TC 1507 : une évaluation incomplète
La proposition de loi souligne également l'urgence d'interdire la culture du maïs TC 1507, qui, en l'absence de majorité qualifiée au sein du Conseil européen, pourrait obtenir une autorisation de mise en culture prochainement. Les députés européens ont d'ailleurs appelé les Etats membres, mi-janvier, à invalider cette demande d'autorisation.
"Le maïs 1507 présente une tolérance à l'herbicide glufosinate, bien que cette dernière ne soit pas présentée comme un argument commercial par le pétitionnaire et que le projet d'autorisation n'inclue pas l'utilisation de cette tolérance à un herbicide. Cette modification portant sur la résistance au glufosinate a été insuffisamment évaluée par l'Autorité européenne de sécurité des aliments", estime le sénateur, qui demande une évaluation plus complète de cet OGM.
De plus, des résistances à la protéine Cry1F ont été observées sur des ravageurs présents en Outre mer, et reconnues par l'Efsa.
"Compte tenu du calendrier de la procédure d'autorisation du maïs 1507, de l'urgence liée à l'approche de la période des semis de maïs et du risque important mettant en péril de façon manifeste l'environnement, il apparaît nécessaire de prévoir une mesure d'interdiction couvrant également la mise en culture du maïs TC 1507", conclut donc l'élu.

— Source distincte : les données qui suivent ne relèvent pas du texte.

Lemma M_add_mulr x y z w :
  M_add G x y z -> M_add G (M_mul G x w) (M_mul G y w) (M_mul G z w).
Proof.
  destruct w as [d|]; [|destruct x, y, z; reflexivity].
  destruct x as [a|]; [|cbn; intros ->; reflexivity].
  destruct y as [b|]; [|cbn; intros ->; reflexivity].
  destruct z as [c|].
  - cbn [M_mul]. rewrite !M_add_SomeE, !(sg_mulC _ d). apply D_G_scale.
  - cbn [M_mul]. rewrite !M_add_Some0E. intros ->. apply sg_mulNl.
Qed.

Lemma MG_multiring : is_multiring (MG G).
Proof.
  constructor; cbn.
  - intros [a|] [b|]; [exists (Some a); apply M_add_SomeE, D_G_self | eexists; reflexivity ..].
  - exact M_add_rev.
  - reflexivity.
  - exact M_add_assoc.
  - split; apply M_add_comm.
  - intros [a|] [b|] [c|]; cbn; f_equal; apply mulA.
  - intros [a|] [b|]; cbn; f_equal; apply sg_mulC.
  - intros [a|]; cbn; f_equal; apply (sg_mul1l G HG).
  - intros [a|]; reflexivity.
  - exact M_add_mulr.
Qed.

Lemma M_add_of_sg_rel a b c d : rel a b c d -> M_add G (Some c) (Some d) (Some a).
Proof. intro H. apply M_add_SomeE. exists b. exact H. Qed.

Lemma sg_rel_of_M_add a b c d :
  a ** b = c ** d -> M_add G (Some c) (Some d) (Some a) -> rel a b c d.
Proof.
  intros E Hc. apply M_add_SomeE in Hc as [e He].
  replace b with e; [exact He|].
  apply (exp2_mulI _ _ _ mulA (sg_mul1l G HG) mulxx a).
  rewrite E. exact (sg_SG3 G HG _ _ _ _ He).
Qed.

Ltac nonzero x Hx := destruct x as [x|]; [clear Hx | now destruct (Hx eq_refl)].

Lemma MG_special : is_special_multifield (MG G).
Proof.
  constructor; cbn [MG mr_car mr_add mr_mul mr_neg mr_zero mr_one].
  - constructor; [exact MG_multiring | discriminate |].
    intros a Ha. nonzero a Ha. exists (Some a). cbn. f_equal. apply mulxx.
  - intros a Ha. nonzero a Ha. cbn. f_equal. apply mulxx.
  - intros a Ha z. nonzero a Ha. left. symmetry. apply sg_negK.
  - intros a b c d Ha Hb Hc Hd. nonzero a Ha. nonzero b Hb. nonzero c Hc. nonzero d Hd.
    intros [= E] H.
    apply M_add_of_sg_rel with d, rel_sym, sg_rel_of_M_add; assumption.
  - intros a b c d e f Ha Hb Hc Hd He Hf.
    nonzero a Ha. nonzero b Hb. nonzero c Hc. nonzero d Hd. nonzero e He. nonzero f Hf.
    intros [= E1] [= E2] H1 H2.
    apply M_add_of_sg_rel with b, (rel_trans _ _ c d); apply sg_rel_of_M_add; assumption.
  - intros a b c d Ha Hb Hc Hd (x & y & z & Hx & Hy & Hz & Ex & Ea & Ec & Hcy & Hxz & Hyz).
    nonzero a Ha. nonzero b Hb. nonzero c Hc. nonzero d Hd.
    nonzero x Hx. nonzero y Hy. nonzero z Hz.
    injection Ex as Ex. injection Ea as Ea. injection Ec as Ec.
    assert (Habcd : rel3 a b (b ** a) c d (d ** c)).
    { exists x, y, z. split; [|split]; apply sg_rel_of_M_add; rewrite ?sg_mulK; assumption. }
    destruct (sg_rel3_swap12 _ _ _ _ Habcd) as (t & v & w & Ht & Hat & Hdv).
    pose proof (sg_SG3 G HG _ _ _ _ Hat) as Eb. pose proof (sg_SG3 G HG _ _ _ _ Hdv) as Ec'.
    rewrite sg_mulK in Eb, Ec'.
    exists (Some t), (Some v), (Some w). cbn [M_mul].
    repeat split; try discriminate.
    + apply f_equal, (sg_SG3 G HG _ _ _ _ Ht).
    + apply f_equal, Eb.
    + apply f_equal, Ec'.
    + exact (M_add_of_sg_rel _ _ _ _ Ht).
    + exact (M_add_of_sg_rel _ _ _ _ Hat).
    + exact (M_add_of_sg_rel _ _ _ _ Hdv).
Qed.

End SpecialGroup.

Lemma M_morph G H (f : sg_car G -> sg_car H) :
  is_special_group G -> is_special_group H -> is_sg_morphism G H f ->
  is_mr_morphism (MG G) (MG H) (Mmap f).
Proof.
  intros HG HH (fmul & fm1 & frel).
  assert (fneg : forall a, f (sg_neg G a) = sg_neg H (f a)).
  { intro a. unfold sg_neg. rewrite fmul, fm1. reflexivity. }
  split; [|split; [|split; [|split]]]; cbn [MG mr_add mr_neg mr_mul mr_zero mr_one].
  - intros [a|] [b|] z Hz; [|cbn in *; subst z; reflexivity ..].
    destruct z as [c|].
    + apply (M_add_SomeE G HG) in Hz as [d Hd].
      apply (M_add_SomeE H HH). exists (f d). apply frel, Hd.
    + apply (M_add_Some0E G) in Hz. apply (M_add_Some0E H). subst a. apply fneg.
  - intros [a|]; cbn; [rewrite fneg|]; reflexivity.
  - reflexivity.
  - intros [a|] [b|]; cbn; [rewrite fmul|..]; reflexivity.
  - cbn. f_equal. rewrite <- (sg_exp2 H HH (f (sg_one G))), <- fmul, (sg_mul1l G HG). reflexivity.
Qed.

Lemma M_functor : M_is_functor.
Proof.
  split; [|split; [|split]].
  - exact MG_special.
  - exact M_morph.
  - intros A [x|]; reflexivity.
  - intros A B C f g [x|]; reflexivity.
Qed.

Lemma eta_natural : eta_natural_iso.
Proof.
  intros G HG. split.
  - intro HM. split.
    + split; [|split].
      * intros a b. apply nz_ext. reflexivity.
      * apply nz_ext. cbn. f_equal. symmetry. apply (sg_mul1r G HG).
      * intros a b c d Habcd. split; [cbn; rewrite (sg_SG3 G HG _ _ _ _ Habcd); reflexivity
        | exact (M_add_of_sg_rel G HG _ _ _ _ Habcd)].
    + exists (fun y => match proj1_sig y with Some x => x | None => sg_one G end).
      split; [split; [|split] | split].
      * intros [[a|] Ha] [[b|] Hb]; cbn in *; congruence.
      * apply (sg_mul1r G HG).
      * intros [[a|] Ha] [[b|] Hb] [[c|] Hc] [[d|] Hd]; cbn in *; try congruence.
        intros [[= E] Hc']. apply (sg_rel_of_M_add G HG); assumption.
      * reflexivity.
      * intros [[a|] Ha]; [apply nz_ext; reflexivity | contradiction Ha; reflexivity].
  - intros H f HH Hf Hnz x. apply nz_ext. reflexivity.
Qed.

Section Multiring.
Variable R : MRdata.
Hypothesis HR : is_multiring R.
Local Notation add := (mr_add R).
Local Infix "*" := (mr_mul R).
Local Notation ng := (mr_neg R).
Local Notation z0 := (mr_zero R).
Local Notation o := (mr_one R).
Local Notation add0 := (mr_add_0 R HR).
Local Notation mulC := (mr_mul_comm R HR).

Lemma mr_add_rev1 x y z : add x y z -> add z (ng y) x.
Proof. apply (mr_add_rev R HR). Qed.

Lemma mr_add_rev2 x y z : add x y z -> add (ng x) z y.
Proof. apply (mr_add_rev R HR). Qed.

Lemma mr_addC x y z : add x y z -> add y x z.
Proof. apply (mr_add_comm R HR). Qed.

Lemma mr_add0l x : add z0 x x.
Proof. apply add0. reflexivity. Qed.

Lemma mr_add0r x : add x z0 x.
Proof. apply mr_addC, mr_add0l. Qed.

Lemma mr_mul0l a : z0 * a = z0.
Proof. rewrite mulC. apply (mr_mul_0 R HR). Qed.

Lemma mr_negK x : ng (ng x) = x.
Proof. symmetry. apply add0, mr_add_rev1, mr_add_rev1, mr_add0l. Qed.

Lemma mr_neg0 : ng z0 = z0.
Proof. symmetry. apply add0, mr_add_rev1, mr_add0l. Qed.
Lemma primitive_mxexp_gt0 :
  irreducible T -> aperiodic T ->
  exists M, (0 < M)%N /\ forall i j, 0 < (T ^+ M) i j.
Proof.
move=> T_irr T_ap.
have [Md Md_gt0] := fin_all_exists (fun i => aperiodic_diag_eventually_gt0 i T_ap).
have [a a_gt0] := fin_all_exists (fun ij : 'I_K * 'I_K => T_irr ij.1 ij.2).
pose M := (\max_i Md i + \max_ij a ij).+1.
exists M; split => // i j.
have a_le := @leq_bigmax _ a (i, j); have Md_le := @leq_bigmax _ Md i.
have -> : M = (M - a (i, j) + a (i, j))%N by lia.
by apply: mxexp_add_gt0 (a_gt0 (i, j)); apply: Md_gt0; lia.
Qed.

End PrimitiveMatrix.

Section RowSquares.
Variables (R : realType) (K : nat) (T : 'M[R]_K).

Lemma rowsq_ge j : \sum_k T j k ^+ 2 <= rowsq T.
Proof. exact: (le_bigmax 0 (fun j => \sum_k T j k ^+ 2) j). Qed.

Lemma rowsq_le1 :
  row_stochastic T -> rowsq T <= 1.
Proof.
move=> [T_ge0 T_sum1]; apply: bigmax_le => [|j _]; first exact: ler01.
rewrite -(T_sum1 j); apply: ler_sum => k _.
have T_le1 : T j k <= 1 by rewrite -(T_sum1 j) (ler_psum_term k (T_ge0 j)).
by rewrite expr2 ler_piMr.
Qed.

Lemma one_le_card_rowsq :
  (0 < K)%N -> row_stochastic T -> 1 <= K%:R * rowsq T.
Proof.
move=> K_gt0 [_ T_sum1]; pose j0 := Ordinal K_gt0.
have := sqr_sum_le predT (T j0); rewrite cardT size_enum_ord T_sum1 expr1n.
move/le_trans; apply; rewrite ler_wpM2l //.
exact: (le_bigmax 0 (fun j => \sum_k T j k ^+ 2) j0).
Qed.

End RowSquares.

Section InducedNorm.
Variables (R : realType) (I J : finType) (A : I -> J -> R).

Lemma norm11_ge_row i0 :
  \sum_j `|A i0 j| <= norm11 A.
Proof.
rewrite /norm11; set E := (X in sup X).
have row_in_E : E (\sum_j `|A i0 j|).
  exists (fun i => (i == i0)%:R).
    rewrite /= /vnorm1 (bigD1 i0) //= eqxx normr1 big1 ?addr0 //.
    by move=> i /negbTE ->; rewrite normr0.
  rewrite /vnorm1; apply: eq_bigr => j _.
  rewrite (bigD1 i0) //= eqxx mul1r big1 ?addr0 //.
  by move=> i /negbTE ->; rewrite mul0r.
apply: (sup_upper_bound _ row_in_E); split; first by exists (\sum_j `|A i0 j|).
exists (norm1 A) => _ [phi phi_le1 <-].
rewrite /vnorm1 /norm1 exchange_big /=; apply: ler_sum => j _.
apply: le_trans (ler_norm_sum _ _ _) _; apply: ler_sum => i _.
rewrite normrM -[X in _ <= X]mul1r ler_wpM2r //; apply: le_trans phi_le1.
by rewrite /vnorm1 (ler_psum_term i).
Qed.

Lemma norm1_le_norm11 : norm1 A <= #|I|%:R * norm11 A.
Proof.
apply: le_trans (_ : \sum_(i : I) norm11 A <= _).
  by apply: ler_sum => i _; apply: norm11_ge_row.
by rewrite sumr_const mulr_natl.
Qed.

End InducedNorm.

Section Kernels.
Variables (R : realType) (I : finType).
Implicit Types (P Q A : I -> I -> R) (pi v : I -> R).

Definition stochastic P :=
  (forall x y, 0 <= P x y) /\ (forall x, \sum_y P x y = 1).

Lemma powFS P l : powF P l.+1 = mulF P (powF P l).
Proof. by []. Qed.

Lemma powF_stochastic P l : stochastic P -> stochastic (powF P l).
Proof.
move=> [P_ge0 P_sum1]; elim: l => [|l [IH_ge0 IH_sum1]].
  split=> [x y|x]; first by rewrite /powF /= /idF ler0n.
  rewrite /powF /= /idF (bigD1 x) //= eqxx big1 ?addr0 // => y /negbTE.
  by rewrite eq_sym => ->.
split=> [x y|x]; rewrite powFS /mulF.
  by apply: sumr_ge0 => z _; apply: mulr_ge0.
rewrite exchange_big /=.
under eq_bigr do rewrite -mulr_sumr IH_sum1 mulr1.
exact: P_sum1.
Qed.

Lemma invariant_powF P pi l :
  (forall y, \sum_x pi x * P x y = pi y) ->
  forall y, \sum_x pi x * powF P l x y = pi y.
Proof.
move=> pi_inv; elim: l => [|l IH] y.
  rewrite /powF /= /idF (bigD1 y) //= eqxx mulr1 big1 ?addr0 // => x /negbTE.
  by move=> ->; rewrite mulr0.
rewrite powFS /mulF -[RHS]IH.
under eq_bigr do rewrite mulr_sumr.
rewrite exchange_big /=; apply: eq_bigr => z _.
by rewrite -pi_inv mulr_suml; apply: eq_bigr => x _; rewrite mulrA.
Qed.

Lemma powF_row_l1_sub_le P Q (D : R) l : stochastic P -> stochastic Q ->
  (forall x, \sum_y `|P x y - Q x y| <= D) ->
  forall x, \sum_y `|powF P l x y - powF Q l x y| <= l%:R * D.
Proof.
move=> P_st [Q_ge0 Q_sum1] PQ_le; elim: l => [|l IH] x.
  by rewrite mul0r big1 // => y _; rewrite subrr normr0.
have [Pl_ge0 Pl_sum1] := powF_stochastic l P_st.
have splitE y : powF P l.+1 x y - powF Q l.+1 x y =
    \sum_z (P x z - Q x z) * powF P l z y
    + \sum_z Q x z * (powF P l z y - powF Q l z y).
  by rewrite !powFS /mulF -big_split /= -sumrB; apply: eq_bigr => z _; ring.
under eq_bigr do rewrite splitE.
apply: le_trans; first by apply: ler_sum => y _; apply: ler_normD.
rewrite big_split /= mulrSr mulrDl mul1r [X in _ <= X]addrC.
apply: lerD.
  apply: le_trans; first by apply: ler_sum => y _; apply: ler_norm_sum.
  rewrite exchange_big /=; apply: le_trans _ (PQ_le x).
  apply: ler_sum => z _; under eq_bigr do rewrite normrM (ger0_norm (Pl_ge0 _ _)).
  by rewrite -mulr_sumr Pl_sum1 mulr1.
apply: le_trans; first by apply: ler_sum => y _; apply: ler_norm_sum.
rewrite exchange_big /=.
apply: le_trans (_ : \sum_z Q x z * (l%:R * D) <= _); last first.
  by rewrite -mulr_suml Q_sum1 mul1r.
apply: ler_sum => z _; under eq_bigr do rewrite normrM (ger0_norm (Q_ge0 _ _)).
by rewrite -mulr_sumr ler_wpM2l.
Qed.

Lemma row_dist_le_tau A x x' : \sum_y `|A x y - A x' y| <= 2 * tau A.
Proof.
rewrite /tau mulrA mulfV ?mul1r ?pnatr_eq0 //.
apply: le_trans (le_bigmax _ _ x).
exact: (le_bigmax _ (fun x' => \sum_y `|A x y - A x' y|) x').
Qed.

Lemma tau_lt1 A (x0 : I) : stochastic A -> (forall x y, 0 < A x y) -> tau A < 1.
Proof.
move=> [A_ge0 A_sum1] A_gt0.
suff dist_lt2 x x' : \sum_y `|A x y - A x' y| < 2.
  have : \big[Num.max/0]_x \big[Num.max/0]_x' \sum_y `|A x y - A x' y| < 2.
    by apply: bigmax_lt => // x _; apply: bigmax_lt => // x' _.
  rewrite /tau; lra.
have -> : 2 = \sum_y (A x y + A x' y) :> R by rewrite big_split /= !A_sum1.
rewrite (bigD1 x0) //= [X in _ < X](bigD1 x0) //=.
apply: ltr_leD.
  by rewrite ltr_norml; apply/andP; split; have := A_gt0 x x0; have := A_gt0 x' x0; lra.
apply: ler_sum => y _; apply: le_trans (ler_normB _ _) _.
by rewrite !ger0_norm.
Qed.

(* Split v into its positive and negative parts, both of mass s: then s (v A)
   is a nonnegative combination of differences of rows of A. *)
Section Dobrushin.
Variables (A : I -> I -> R) (v : I -> R).
Hypothesis v_sum0 : \sum_x v x = 0.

Renforcer l'évaluation et autoriser les clauses de sauvegarde
Le sénateur revient également sur le renforcement de l'évaluation sanitaire et environnementale des OGM, demandée à l'unanimité par les Etats membres en 2008 et adoptée en 2013. Seulement, ce renforcement ne s'applique qu'aux demandes d'autorisation déposées à partir de décembre 2013… De fait, l'évaluation des maïs MON810 et TC1507 reste "insuffisante".
En dernier lieu, l'élu rappelle que la question des OGM "nécessite la prise en compte des particularités géographiques, agronomiques et écologiques des territoires très divers de l'Union". En France, leur culture aurait selon lui des impacts économiques sur les filières agricoles "sans OGM" (qu'elles soient conventionnelles ou biologiques) et sur l'apiculture.
La proposition de règlement européen visant à autoriser, à l'échelon national, des mesures de sauvegarde pour des raisons autres que sanitaires et environnementales, est toujours bloquée, faute d'accord entre les Etats membres.